*** Data for this exercise Section Begins ***

Lemma psd_gram (R : realType) p (Phi : 'M[R]_p) :
  psd Phi -> exists F : 'M[R]_p, F *m F^T = Phi.
Proof.
elim: p Phi => [|p IHp] Phi psdPhi; first by exists 0; apply/matrixP => -[].
have [a [b [D PhiE]]] : exists a b D, Phi = block_mx a b b^T D :> 'M[R]_(1 + p).
  pose Q : 'M[R]_(1 + p) := Phi.
  exists (ulsubmx Q), (ursubmx Q), (drsubmx Q).
  by rewrite trmx_ursub [Q^T]psdPhi.1 submxK.
rewrite PhiE in psdPhi *.
have [F' /(psd_block_gram psdPhi) [F FE]] := IHp _ (psd_schur_complement psdPhi).
by exists F.
Qed.

Lemma orthonormal_proj (F : fieldType) p q k (P : 'M[F]_(p, q)) (Y : 'M[F]_(p, k)) :
  P^T *m P = 1%:M -> (Y^T <= P^T)%MS -> P *m (P^T *m Y) = Y.
Proof.
move=> PP /submxP [E YE]; have -> : Y = P *m E^T by rewrite -[Y]trmxK YE trmx_mul trmxK.
by rewrite (mulmxA P^T) PP mul1mx.
Qed.

Lemma gauss_realizationsE (R : realType) p q (Phi : 'M[R]_p) (P : 'M[R]_(p, q)) :
  psd Phi -> P^T *m P = 1%:M -> same_im P Phi -> gauss_realizations Phi = range (mulmx P).
Proof.
move=> psdPhi PP /andP [P_Phi Phi_P]; rewrite eqEsubset; split => [_ [F [w [FF ->]]]|_ [z _ <-]].
  (* the projection Q onto the complement of im P annihilates Phi = F F^T, hence F *)
  pose Q := 1%:M - P *m P^T.
  have QPhi : Q *m Phi = 0.
    by rewrite mulmxBl mul1mx -mulmxA orthonormal_proj ?subrr.
  have QF : Q *m F = 0 by apply: gram_eq0; rewrite trmx_mul mulmxA -(mulmxA Q) FF QPhi mul0mx.
  have /eqP : Q *m (F *m w) = 0 by rewrite mulmxA QF mul0mx.
  rewrite mulmxBl mul1mx subr_eq0 => /eqP Fw.
  by exists (P^T *m (F *m w)) => //; rewrite mulmxA -Fw.
have [F FF] := psd_gram psdPhi.
have [E PE] := submxP P_Phi.
exists F, (F^T *m (E^T *m z)); split => //.
by rewrite -[P]trmxK PE trmx_mul trmxK -FF !mulmxA.
Qed.

Lemma trajectory_expr (F : pzRingType) p (M : 'M[F]_p) (v : nat -> 'cV[F]_p) L :
  (forall t, (L <= t)%N -> v t.+1 = M *m v t) -> forall t, v (t + L)%N = M ^+ t *m v L.
Proof.
move=> vrec; elim=> [|t IHt]; first by rewrite expr0 mul1mx.
by rewrite addSn vrec ?leq_addl // IHt mulmxA mulmxE -exprS.
Qed.

Lemma expr_intertwine (F : pzRingType) p q (M : 'M[F]_p) (P : 'M[F]_(p, q)) X :
  M *m P = P *m X -> forall t, M ^+ t *m P = P *m X ^+ t.
Proof.
move=> MP; elim=> [|t IHt]; first by rewrite !expr0 mul1mx mulmx1.
by rewrite exprS -mulmxE -mulmxA IHt mulmxA MP -mulmxA mulmxE -exprS.
Qed.

Lemma invariant_trajectories_cvg0P (R : realType) p q (M : 'M[R]_p) (P : 'M[R]_(p, q)) L :
  P^T *m P = 1%:M -> ((M *m P)^T <= P^T)%MS ->
  (forall x, range (mulmx P) x -> forall v : nat -> 'cV[R]_p, v L = x ->
     (forall t, (L <= t)%N -> v t.+1 = M *m v t) ->
     forall i, (fun t => v t i ord0) @ \oo --> 0)
  <-> schur (P^T *m M *m P).
Proof.
move=> PP MP_sub; set X := P^T *m M *m P.
have MP : M *m P = P *m X by rewrite /X -mulmxA orthonormal_proj.
rewrite schurP; split => [traj0 i j|X0 _ [z _ <-] v vL vrec a].
  pose v t : 'cV[R]_p := M ^+ (t - L) *m (P *m delta_mx j 0).
  have vrec t : (L <= t)%N -> v t.+1 = M *m v t.
    by move=> Lt; rewrite /v subSn // exprS -mulmxE -mulmxA.
  have vL : v L = P *m delta_mx j 0 by rewrite /v subnn expr0 mul1mx.
  have XvE t : (X ^+ t) i j = (P^T *m v (t + L)%N *m 1%:M) i 0.
    rewrite mulmx1 /v addnK (mulmxA (M ^+ t)) (expr_intertwine MP).
    by rewrite (mulmxA P^T) (mulmxA P^T) PP mul1mx -colE mxE.
  under eq_fun do rewrite XvE.
  apply: cvg0_mulmx => a b; rewrite ord1.
  by have := traj0 _ (ex_intro2 _ _ _ I erefl) v vL vrec a; rewrite -(cvg_shiftn L).
rewrite -(cvg_shiftn L).
under eq_fun do rewrite (trajectory_expr vrec) vL mulmxA (expr_intertwine MP).
exact: cvg0_mulmx.
Qed.

Theorem lemma4 (R : realType) (n m r L : nat)
  (A : 'M[R]_n) (B : 'M[R]_(n, m)) (C : 'M[R]_(r, n))
  (Hmin : minimal A B C) (HA : schur A)
  (HL : \rank (obs_mx L A C) = n)
  (P : 'M[R]_(L * m + L * r, L * m + n))
  (HPim : same_im P (krylov_mx (Theta_mx L A B C) (Pi_mx R m r L)))
  (HPorth : P^T *m P = 1%:M)
  (Phi : 'M[R]_(L * m + L * r))
  (HPhi : psd Phi)
  (HPhiim : same_im Phi (krylov_mx (Theta_mx L A B C) (Pi_mx R m r L)))
  (K : 'M[R]_(m, L * m + L * r)) :
  (forall x, gauss_realizations Phi x ->
     forall v : nat -> 'cV[R]_(L * m + L * r),
       v L = x ->
       (forall t, (L <= t)%N -> v t.+1 = (Theta_mx L A B C + Pi_mx R m r L *m K) *m v t) ->
       forall i, (fun t => v t i ord0) @ \oo --> (0 : R))
  <-> schur (P^T *m (Theta_mx L A B C + Pi_mx R m r L *m K) *m P).
Proof.
move: HPim HPhiim => /andP [P_Kr Kr_P] /andP [Phi_Kr Kr_Phi].
have P_Phi : same_im P Phi.
  by apply/andP; split; [exact: submx_trans P_Kr Kr_Phi | exact: submx_trans Phi_Kr Kr_P].
rewrite (gauss_realizationsE HPhi HPorth P_Phi).
apply: invariant_trajectories_cvg0P HPorth _.
rewrite trmx_mul; apply: submx_trans (submxMr _ P_Kr) _.
by rewrite -trmx_mul; apply: submx_trans (krylov_feedback_invariant _ _ K) Kr_P.
Qed.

*** Data for this exercise Section Ends ***

Work required =>
The data above should be copied out with complete accuracy.

Result =>
Lemma psd_gram (R : realType) p (Phi : 'M[R]_p) :
  psd Phi -> exists F : 'M[R]_p, F *m F^T = Phi.
Proof.
elim: p Phi => [|p IHp] Phi psdPhi; first by exists 0; apply/matrixP => -[].
have [a [b [D PhiE]]] : exists a b D, Phi = block_mx a b b^T D :> 'M[R]_(1 + p).
  pose Q : 'M[R]_(1 + p) := Phi.
  exists (ulsubmx Q), (ursubmx Q), (drsubmx Q).
  by rewrite trmx_ursub [Q^T]psdPhi.1 submxK.
rewrite PhiE in psdPhi *.
have [F' /(psd_block_gram psdPhi) [F FE]] := IHp _ (psd_schur_complement psdPhi).
by exists F.
Qed.

Lemma orthonormal_proj (F : fieldType) p q k (P : 'M[F]_(p, q)) (Y : 'M[F]_(p, k)) :
  P^T *m P = 1%:M -> (Y^T <= P^T)%MS -> P *m (P^T *m Y) = Y.
Proof.
move=> PP /submxP [E YE]; have -> : Y = P *m E^T by rewrite -[Y]trmxK YE trmx_mul trmxK.
by rewrite (mulmxA P^T) PP mul1mx.
Qed.

Lemma gauss_realizationsE (R : realType) p q (Phi : 'M[R]_p) (P : 'M[R]_(p, q)) :
  psd Phi -> P^T *m P = 1%:M -> same_im P Phi -> gauss_realizations Phi = range (mulmx P).
Proof.
move=> psdPhi PP /andP [P_Phi Phi_P]; rewrite eqEsubset; split => [_ [F [w [FF ->]]]|_ [z _ <-]].
  (* the projection Q onto the complement of im P annihilates Phi = F F^T, hence F *)
  pose Q := 1%:M - P *m P^T.
  have QPhi : Q *m Phi = 0.
    by rewrite mulmxBl mul1mx -mulmxA orthonormal_proj ?subrr.
  have QF : Q *m F = 0 by apply: gram_eq0; rewrite trmx_mul mulmxA -(mulmxA Q) FF QPhi mul0mx.
  have /eqP : Q *m (F *m w) = 0 by rewrite mulmxA QF mul0mx.
  rewrite mulmxBl mul1mx subr_eq0 => /eqP Fw.
  by exists (P^T *m (F *m w)) => //; rewrite mulmxA -Fw.
have [F FF] := psd_gram psdPhi.
have [E PE] := submxP P_Phi.
exists F, (F^T *m (E^T *m z)); split => //.
by rewrite -[P]trmxK PE trmx_mul trmxK -FF !mulmxA.
Qed.

Lemma trajectory_expr (F : pzRingType) p (M : 'M[F]_p) (v : nat -> 'cV[F]_p) L :
  (forall t, (L <= t)%N -> v t.+1 = M *m v t) -> forall t, v (t + L)%N = M ^+ t *m v L.
Proof.
move=> vrec; elim=> [|t IHt]; first by rewrite expr0 mul1mx.
by rewrite addSn vrec ?leq_addl // IHt mulmxA mulmxE -exprS.
Qed.

Lemma expr_intertwine (F : pzRingType) p q (M : 'M[F]_p) (P : 'M[F]_(p, q)) X :
  M *m P = P *m X -> forall t, M ^+ t *m P = P *m X ^+ t.
Proof.
move=> MP; elim=> [|t IHt]; first by rewrite !expr0 mul1mx mulmx1.
by rewrite exprS -mulmxE -mulmxA IHt mulmxA MP -mulmxA mulmxE -exprS.
Qed.

Lemma invariant_trajectories_cvg0P (R : realType) p q (M : 'M[R]_p) (P : 'M[R]_(p, q)) L :
  P^T *m P = 1%:M -> ((M *m P)^T <= P^T)%MS ->
  (forall x, range (mulmx P) x -> forall v : nat -> 'cV[R]_p, v L = x ->
     (forall t, (L <= t)%N -> v t.+1 = M *m v t) ->
     forall i, (fun t => v t i ord0) @ \oo --> 0)
  <-> schur (P^T *m M *m P).
Proof.
move=> PP MP_sub; set X := P^T *m M *m P.
have MP : M *m P = P *m X by rewrite /X -mulmxA orthonormal_proj.
rewrite schurP; split => [traj0 i j|X0 _ [z _ <-] v vL vrec a].
  pose v t : 'cV[R]_p := M ^+ (t - L) *m (P *m delta_mx j 0).
  have vrec t : (L <= t)%N -> v t.+1 = M *m v t.
    by move=> Lt; rewrite /v subSn // exprS -mulmxE -mulmxA.
  have vL : v L = P *m delta_mx j 0 by rewrite /v subnn expr0 mul1mx.
  have XvE t : (X ^+ t) i j = (P^T *m v (t + L)%N *m 1%:M) i 0.
    rewrite mulmx1 /v addnK (mulmxA (M ^+ t)) (expr_intertwine MP).
    by rewrite (mulmxA P^T) (mulmxA P^T) PP mul1mx -colE mxE.
  under eq_fun do rewrite XvE.
  apply: cvg0_mulmx => a b; rewrite ord1.
  by have := traj0 _ (ex_intro2 _ _ _ I erefl) v vL vrec a; rewrite -(cvg_shiftn L).
rewrite -(cvg_shiftn L).
under eq_fun do rewrite (trajectory_expr vrec) vL mulmxA (expr_intertwine MP).
exact: cvg0_mulmx.
Qed.

Theorem lemma4 (R : realType) (n m r L : nat)
  (A : 'M[R]_n) (B : 'M[R]_(n, m)) (C : 'M[R]_(r, n))
  (Hmin : minimal A B C) (HA : schur A)
  (HL : \rank (obs_mx L A C) = n)
  (P : 'M[R]_(L * m + L * r, L * m + n))
  (HPim : same_im P (krylov_mx (Theta_mx L A B C) (Pi_mx R m r L)))
  (HPorth : P^T *m P = 1%:M)
  (Phi : 'M[R]_(L * m + L * r))
  (HPhi : psd Phi)
  (HPhiim : same_im Phi (krylov_mx (Theta_mx L A B C) (Pi_mx R m r L)))
  (K : 'M[R]_(m, L * m + L * r)) :
  (forall x, gauss_realizations Phi x ->
     forall v : nat -> 'cV[R]_(L * m + L * r),
       v L = x ->
       (forall t, (L <= t)%N -> v t.+1 = (Theta_mx L A B C + Pi_mx R m r L *m K) *m v t) ->
       forall i, (fun t => v t i ord0) @ \oo --> (0 : R))
  <-> schur (P^T *m (Theta_mx L A B C + Pi_mx R m r L *m K) *m P).
Proof.
move: HPim HPhiim => /andP [P_Kr Kr_P] /andP [Phi_Kr Kr_Phi].
have P_Phi : same_im P Phi.
  by apply/andP; split; [exact: submx_trans P_Kr Kr_Phi | exact: submx_trans Phi_Kr Kr_P].
rewrite (gauss_realizationsE HPhi HPorth P_Phi).
apply: invariant_trajectories_cvg0P HPorth _.
rewrite trmx_mul; apply: submx_trans (submxMr _ P_Kr) _.
by rewrite -trmx_mul; apply: submx_trans (krylov_feedback_invariant _ _ K) Kr_P.
Qed.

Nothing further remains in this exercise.